[Zope-CMF] Pythonish Questions

Jon Edwards jon@pcgs.freeserve.co.uk
Tue, 1 May 2001 12:36:54 +0100


Hi all, I've started digging into Python, and I have a couple of questions
from looking at the CMF source code -

(N.B. I plumped for Boa Constructor in the end -
http://boa-constructor.sourceforge.net/ - seems an excellent open-source
Python IDE and wxPython GUI Builder, written in Python, with a lot of Zope
functionality already built-in!)

1. SearchableText method (of documents, news-items, etc) - If the
text_format is HTML, could this be made to stip out the HTML tags? Something
along the lines of...

 def SearchableText(self):
        "text for indexing"
        if self.text_format == 'html':
           self.text = strip_htmltags(text)
        return "%s %s %s" % (self.title, self.description, self.text)

(my syntax is probably wrong, but you get the idea?) Is there a function
somewhere equivalent to 'strip_htmltags'? I guess this is something DC would
need to do, as if I change the code myself it will be overwritten when I
upgrade?

This would keep the Catalog tidier (no HTML bits to confuse search results),
and would mean SearchableText could be inserted into a document's HTML
metadata headers (to help search-engine optimisation), without the risk of
breaking things by including HTML tags!

2. On a related note, I noticed the 'getMetaDataHeaders' method in
DublinCore, which would seem to be ideal for this - just append
SearchableText to the 'Description'. Would this break anything else? Is
there a way I can patch this change in my copy, without it being overwritten
when I upgrade? (Sorry for the newbie question, this is probably covered in
documentation somewhere, but I couldnt find it!)
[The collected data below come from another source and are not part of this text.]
(* Let $n\ge 3$ and let $t:\{2,\dots,n-1\}\to[0,\infty)$ be arbitrary (the time to evaluate all coalitions of each size). For $S\subseteq\{2,\dots,n-1\}$ put $T(S)=\sum_{s\in S}t(s)$. Call a pair $(S_1,S_2)$ of subsets of $\{2,\dots,n-1\}$ covering if every integer partition of $n$ is reachable from $[n]$ in $G_{S_1\cup\{n\}}$ or in $G_{S_2\cup\{n\}}$. Then $$\min_{(S_1,S_2)\ \text{covering}}\ \max\big(T(S_1),T(S_2)\big)\;\le\;T\big(\{2,3,\dots,\lfloor 2n/3\rfloor\}\big),$$ i.e., the run time of CDP with the pair of size sets chosen by the SSD procedure (a covering pair minimizing $\max(T(S_1),T(S_2))$) is at most the run time of IDP, which evaluates the sizes $\{2,3,\dots,\lfloor 2n/3\rfloor,n\}$.
   Context: Restricted integer partition graph: for a set $S\subseteq\{2,\dots,n\}$, $G_S$ is the directed graph whose nodes are the integer partitions of $n$ (multisets of positive integers summing to $n$), with an edge from $P$ to $P'$ whenever $P'$ is obtained from $P$ by replacing a single part $x$ of $P$ with $x\in S$ by two positive parts $x_1,x_2$ with $x_1+x_2=x$. The node $[n]$ is the partition with one part. The run time of a pair of size sets is the maximum of the run times of its two sets (they are processed in parallel), and the run time of a size set is the sum of the per-size evaluation times; size $n$ is always evaluated and size $1$ never, so they are excluded from $T$. *)

From HB Require Import structures.
From mathcomp Require Import all_boot all_order all_algebra.
From Stdlib Require Import Relations.Relation_Operators.
Set Implicit Arguments. Unset Strict Implicit. Unset Printing Implicit Defensive.
Import Order.TTheory GRing.Theory Num.Theory.

(* An integer partition of n, represented as a sequence of positive parts
   summing to n; partitions are multisets, so sequences are compared up to
   permutation (perm_eq). *)
Definition is_partition (n : nat) (P : seq nat) : bool :=
  all (fun x => 0 < x) P && (sumn P == n).

(* Edge of G_A (A = set of splittable part sizes): replace one part x with
   x \in A by two positive parts x1, x2 with x1 + x2 = x. *)
Definition split_step (A : pred nat) (P Q : seq nat) : Prop :=
  exists x x1 x2 : nat,
    [/\ x \in P, A x, (0 < x1) && (0 < x2), x1 + x2 = x
      & perm_eq Q (x1 :: x2 :: rem x P)].

Definition reachable (A : pred nat) (n : nat) (Q : seq nat) : Prop :=
  exists Q', perm_eq Q Q' /\ clos_refl_trans _ (split_step A) [:: n] Q'.

Definition with_n (n : nat) (S : {set 'I_n}) : pred nat :=
  fun x => (x == n) || [exists i in S, val i == x].

Definition sizes_ok (n : nat) (S : {set 'I_n}) : bool :=
  [forall i in S, 2 <= val i].

Definition covering (n : nat) (S1 S2 : {set 'I_n}) : Prop :=
  forall P, is_partition n P ->
    reachable (with_n S1) n P \/ reachable (with_n S2) n P.

Definition runtime (R : realFieldType) (n : nat) (t : nat -> R)
  (S : {set 'I_n}) : R := (\sum_(i in S) t (val i))%R.

From HB Require Import structures.
From mathcomp Require Import all_boot all_order all_algebra.
From Stdlib Require Import Relations.Relation_Operators Relations.Operators_Properties.
From mathcomp Require Import zify.
Import Order.TTheory GRing.Theory Num.Theory.
Set Implicit Arguments. Unset Strict Implicit.

(* IDP's own size set S = {2, ..., floor(2n/3)} already reaches every
   partition P of n, so the pair (S, S) is covering and its run time is that
   of IDP.  If P has at least two parts, its parts can be grouped into two
   blocks B and C, each either a single part or of sum at most 2n/3: take a
   part x >= n/3 alone if there is one, and otherwise the shortest prefix of
   P of sum >= n/3 (its sum stays below 2n/3 since every part is < n/3).
   One split turns [n] into [sum B; sum C], and a block of sum m <= 2n/3 is
   then refined by peeling off one part at a time, which only ever splits
   sizes in {2, ..., m}. *)

Lemma perm_rem (T : eqType) (x : T) (s s' : seq T) :
  x \in s -> perm_eq s s' -> perm_eq (rem x s) (rem x s').
Proof.
move=> xs ss'; have xs' : x \in s' by rewrite -(perm_mem ss').
rewrite -(perm_cons x); apply: perm_trans (perm_to_rem xs').
by apply: perm_trans ss'; rewrite perm_sym perm_to_rem.
Qed.

Lemma rem_catl (T : eqType) (x : T) (s1 s2 : seq T) :
  x \in s1 -> rem x (s1 ++ s2) = rem x s1 ++ s2.
Proof.
elim: s1 => //= y s1 IHs; rewrite in_cons.
by case: eqVneq => //= _ xs1; rewrite IHs.
Qed.

Lemma sumn_gt0 P : all (fun x => 0 < x) P -> P != [::] -> 0 < sumn P.
Proof. by case: P => //= p P /andP[p0 _] _; rewrite addn_gt0 p0. Qed.

Section Reachability.

Variable A : pred nat.

Local Notation steps := (clos_refl_trans _ (split_step A)).

Lemma split_step_perm P P' Q Q' :
  perm_eq P P' -> perm_eq Q Q' -> split_step A P Q -> split_step A P' Q'.
Proof.
move=> pP pQ [x [x1 [x2 [xP Ax pos sx pQx]]]].
exists x, x1, x2; split=> //; first by rewrite -(perm_mem pP).
rewrite perm_sym in pQ; apply: perm_trans pQ (perm_trans pQx _).
by rewrite !perm_cons perm_rem.
Qed.

Lemma split_step_catr P Q c : split_step A P Q -> split_step A (P ++ c) (Q ++ c).
Proof.
move=> [x [x1 [x2 [xP Ax pos sx pQ]]]].
exists x, x1, x2; split=> //; first by rewrite mem_cat xP.
by rewrite rem_catl // -!cat_cons perm_cat2r.
Qed.

Lemma steps_catr P Q c : steps P Q -> steps (P ++ c) (Q ++ c).
Proof.
elim=> [P' Q' st | P' | P1 P2 P3 _ IH12 _ IH23].
- exact/rt_step/split_step_catr.
- exact: rt_refl.
- exact: rt_trans IH12 IH23.
Qed.

Lemma steps_perml P P' Q :
  perm_eq P P' -> steps P Q -> exists2 Q', perm_eq Q Q' & steps P' Q'.
Proof.
move=> pP /clos_rt_rt1n_iff [|P1 Q1 st1 rest]; first by exists P'; last exact: rt_refl.
exists Q1 => //; apply: rt_trans (rt_step _ _ _ _ _) (clos_rt1n_rt _ _ _ _ rest).
exact: split_step_perm pP (perm_refl P1) st1.
Qed.

Definition reach P Q := exists Q', perm_eq Q Q' /\ steps P Q'.

Lemma reach_refl P : reach P P.
Proof. by exists P; split; last exact: rt_refl. Qed.

Lemma reach_step P Q : split_step A P Q -> reach P Q.
Proof. by exists Q; split; last exact: rt_step. Qed.

Lemma reach_trans P Q R : reach P Q -> reach Q R -> reach P R.
Proof.
move=> [Q' [pQ PQ]] [R' [pR QR]].
have [R'' pR' Q'R] := steps_perml pQ QR.
by exists R''; split; [apply: perm_trans pR' | apply: rt_trans Q'R].
Qed.

Lemma reach_perml P P' Q : perm_eq P P' -> reach P Q -> reach P' Q.
Proof.
move=> pP [Q' [pQ PQ]]; have [Q'' pQ' P'Q] := steps_perml pP PQ.
by exists Q''; split; first exact: perm_trans pQ'.
Qed.

Lemma reach_permr P Q Q' : perm_eq Q Q' -> reach P Q -> reach P Q'.
Proof.
move=> pQ [Q'' [pQ' PQ]]; exists Q''; split=> //.
by apply: perm_trans pQ'; rewrite perm_sym.
Qed.

Lemma reach_catr P Q c : reach P Q -> reach (P ++ c) (Q ++ c).
Proof.
move=> [Q' [pQ PQ]]; exists (Q' ++ c).
by rewrite perm_cat2r; split; last exact: steps_catr.
Qed.

Lemma reach_cat P1 Q1 P2 Q2 :
  reach P1 Q1 -> reach P2 Q2 -> reach (P1 ++ P2) (Q1 ++ Q2).
Proof.
move=> r1 r2; apply: reach_trans (reach_catr P2 r1) _.
have pP : perm_eq (P2 ++ Q1) (Q1 ++ P2) by rewrite perm_catC.
have pQ : perm_eq (Q2 ++ Q1) (Q1 ++ Q2) by rewrite perm_catC.
exact: reach_perml pP (reach_permr pQ (reach_catr Q1 r2)).
Qed.

Lemma reach_split2 m a b : A m -> 0 < a -> 0 < b -> a + b = m ->
  reach [:: m] [:: a; b].
Proof.
move=> Am a0 b0 abm; apply: reach_step; exists m, a, b.
by split=> //; rewrite ?inE ?a0 ?b0 //= eqxx.
Qed.

Lemma reach_parts P : all (fun x => 0 < x) P -> P != [::] ->
  (forall x, 2 <= x <= sumn P -> A x) -> reach [:: sumn P] P.
Proof.
elim: P => [|p P IHP] //= /andP[p0 posP] _ Asizes.
have [-> | nonempty] := eqVneq P [::]; first by rewrite addn0; apply: reach_refl.
have sP0 := sumn_gt0 posP nonempty.
apply: (@reach_trans _ ([:: sumn P] ++ [:: p])).
  by apply: reach_split2 => //; [apply: Asizes; lia | rewrite addnC].
have pP : perm_eq (P ++ [:: p]) (p :: P) by rewrite perm_catC.
apply: reach_permr pP (reach_catr _ (IHP posP nonempty _)).
by move=> x hx; apply: Asizes; lia.
Qed.

End Reachability.

Definition small_block (n : nat) (B : seq nat) : bool :=
  (size B == 1) || (3 * sumn B <= 2 * n).

Lemma prefix_sum_in_middle n a P : all (fun x => 3 * x < n) P ->
  3 * a < n -> n <= 3 * (a + sumn P) ->
  exists k, n <= 3 * (a + sumn (take k P)) < 2 * n.
Proof.
elim: P a => [|x P IHP] a /=; first by lia.
move=> /andP[xn Pn] an aPn.
have [big | small] := leqP n (3 * (a + x)); first by exists 1; rewrite /= take0 /=; lia.
have [k kmid] := IHP (a + x) Pn small ltac:(lia).
by exists k.+1; rewrite /=; lia.
Qed.

Lemma balanced_split n P : 0 < n -> sumn P = n -> 1 < size P ->
  exists B C, [/\ perm_eq P (B ++ C), B != [::], C != [::],
                  small_block n B & small_block n C].
Proof.
move=> n0 sP sizeP.
have [[x xP xbig] | ] := altP (@hasP _ (fun x => n <= 3 * x) P).
  exists [:: x], (rem x P); split=> //.
  - exact: perm_to_rem.
  - by apply: contraTneq sizeP => eP; have := size_rem xP; rewrite eP /=; lia.
  - apply/orP; right; have := perm_sumn (perm_to_rem xP); rewrite sP /=; lia.
move=> /hasPn Psmall; have Psmall' : all (fun x => 3 * x < n) P.
  by apply/allP => x /Psmall; rewrite -ltnNge.
have [k /andP[lo hi]] := @prefix_sum_in_middle n 0 P Psmall' n0 ltac:(lia).
rewrite add0n in lo hi.
have sBC : sumn (take k P) + sumn (drop k P) = n by rewrite -sumn_cat cat_take_drop.
exists (take k P), (drop k P); split; rewrite ?cat_take_drop //.
- by apply: contraTneq lo => ->; rewrite /=; lia.
- by apply: contraTneq hi => eC; move: sBC; rewrite eC /=; lia.
- by apply/orP; right; lia.
- by apply/orP; right; lia.
Qed.

Lemma reach_small_block (A : pred nat) n B :
  (forall x, 2 <= x -> 3 * x <= 2 * n -> A x) ->
  all (fun x => 0 < x) B -> B != [::] -> small_block n B -> reach A [:: sumn B] B.
Proof.
move=> Asizes posB nB /orP[/eqP | Bsmall].
  by case: B {posB nB} => [|b []] //= _; rewrite addn0; apply: reach_refl.
by apply: reach_parts => // x hx; apply: Asizes; lia.
Qed.

Lemma reach_partition (A : pred nat) n P : 0 < n ->
  A n -> (forall x, 2 <= x -> 3 * x <= 2 * n -> A x) ->
  is_partition n P -> reach A [:: n] P.
Proof.
move=> n0 An Asizes /andP[posP /eqP sP].
have [sizeP | sizeP] := leqP (size P) 1.
  case: P posP sP sizeP => [|p []] //= _ sP _; first by move: n0; rewrite -sP.
  by rewrite -sP addn0; apply: reach_refl.
have [B [C [pBC nB nC sB sC]]] := balanced_split n0 sP sizeP.
have := posP; rewrite (perm_all _ pBC) all_cat => /andP[posB posC].
have sBC : sumn B + sumn C = n by rewrite -sumn_cat -(perm_sumn pBC).
apply: reach_permr (_ : perm_eq (B ++ C) P) _; first by rewrite perm_sym.
apply: (@reach_trans _ _ ([:: sumn B] ++ [:: sumn C])).
  by apply: reach_split2; rewrite ?sumn_gt0.
exact: reach_cat (reach_small_block Asizes posB nB sB)
               (reach_small_block Asizes posC nC sC).
Qed.

Lemma runtime_interval (R : realFieldType) n (t : nat -> R) a b : b < n ->
  runtime t [set i : 'I_n | a <= val i <= b] = (\sum_(a <= s < b.+1) t s)%R.
Proof.
move=> bn; rewrite /runtime (big_nat_widen _ _ n) // (big_nat_widenl _ 0) //.
by rewrite big_mkord; apply: eq_bigl => i; rewrite inE ltnS andbC.
Qed.

Theorem lemma1 (R : realFieldType) (n : nat) (t : nat -> R) :
  3 <= n ->
  (forall s, 2 <= s <= n.-1 -> (0 <= t s)%R) ->
  exists S1 S2 : {set 'I_n},
    [/\ sizes_ok S1, sizes_ok S2, covering S1 S2
      & (Num.max (runtime t S1) (runtime t S2)
           <= \sum_(2 <= s < ((2 * n) %/ 3).+1) t s)%R].
Proof.
move=> n3 _; have n0 : 0 < n by lia.
have top_lt_n : (2 * n) %/ 3 < n by rewrite ltn_divLR //; lia.
pose S := [set i : 'I_n | 2 <= val i <= (2 * n) %/ 3].
have okS : sizes_ok S by apply/forallP => i; apply/implyP; rewrite inE => /andP[].
have Asizes x : 2 <= x -> 3 * x <= 2 * n -> with_n S x.
  move=> x2 x3; have xn : x < n by lia.
  apply/orP; right; apply/existsP; exists (Ordinal xn).
  by rewrite inE /= eqxx x2 leq_divRL //; lia.
exists S, S; split=> //.
  by move=> P partP; left; apply: reach_partition => //; rewrite /with_n eqxx.
by rewrite maxxx runtime_interval.
Qed.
3. Also in DublinCore, there is a 'Contributors' property. This would seem
very useful for CompositeContent objects made up of docs contributed by
several different people - the Creator would be the editor/reviewer
responsible for the CompositeContent object, the Contributors would be a
list of the individual authors of the documents. But next to it there is a
comment saying "# XXX: Fixme!". Is it safe to use this property?

4. I'm starting to wrap my head round the CompositeContent issue, does
anybody have any code they wouldn't mind "sharing with the group" to get me
started? Or pointers to existing code that does similar things? Is there a
SIG (or Zope equivalent) that's working on this?

Cheers, Jon